═══ Task input

Lemma ntrue_catsteps N M L (u : steps M) (v : steps L) : (M + L = N)%N ->
  ntrue (stepn (catsteps N u v)) 0 N = (ntrue (stepn u) 0 M + ntrue (stepn v) 0 L)%N.
Proof.
move=> e; rewrite (@ntrue_cat _ 0 M N); last by rewrite leq0n -e leq_addr.
congr addn; first by apply: eq_ntrue => l /andP[_ hl]; rewrite stepn_cat // hl.
have -> : ntrue (stepn (catsteps N u v)) M N = ntrue (stepn (catsteps N u v)) (0 + M) (L + M).
  by rewrite add0n addnC e.
by rewrite ntrue_addn; apply: eq_ntrue => l _; rewrite stepn_cat // ltnNge leq_addl /= addnK.
Qed.

(** * The binomial law *)

Section Binomial.
Variables (R : realType) (alpha : R).
Local Notation ww := (walk_weight alpha).

Definition binom_pmf (L x : nat) : R :=
  ('C(L, x))%:R * alpha ^+ x * (1 - alpha) ^+ (L - x).
Local Notation b := binom_pmf.

Lemma binom_pmf_small L x : (L < x)%N -> b L x = 0.
Proof. by move=> h; rewrite /b bin_small // !mul0r. Qed.

Lemma binom_pmf0 L : b L 0 = (1 - alpha) ^+ L.
Proof. by rewrite /b bin0 subn0 expr0 mulr1 mul1r. Qed.

Lemma binom_pmfS L x : b L.+1 x.+1 = alpha * b L x + (1 - alpha) * b L x.+1.
Proof.
rewrite /b binS natrD subSS; case: (ltnP x L) => h.
  by rewrite (_ : (L - x = (L - x.+1).+1)%N); [rewrite !exprS; ring | lia].
rewrite (bin_small (_ : L < x.+1)%N) // (_ : (L - x.+1 = L - x)%N); last by lia.
by rewrite exprS; ring.
Qed.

══════

* **Task**
Go through the material above and report each line containing "Notation".

* **Solution to this problem**
Local Notation ww := (walk_weight alpha).
Local Notation b := binom_pmf.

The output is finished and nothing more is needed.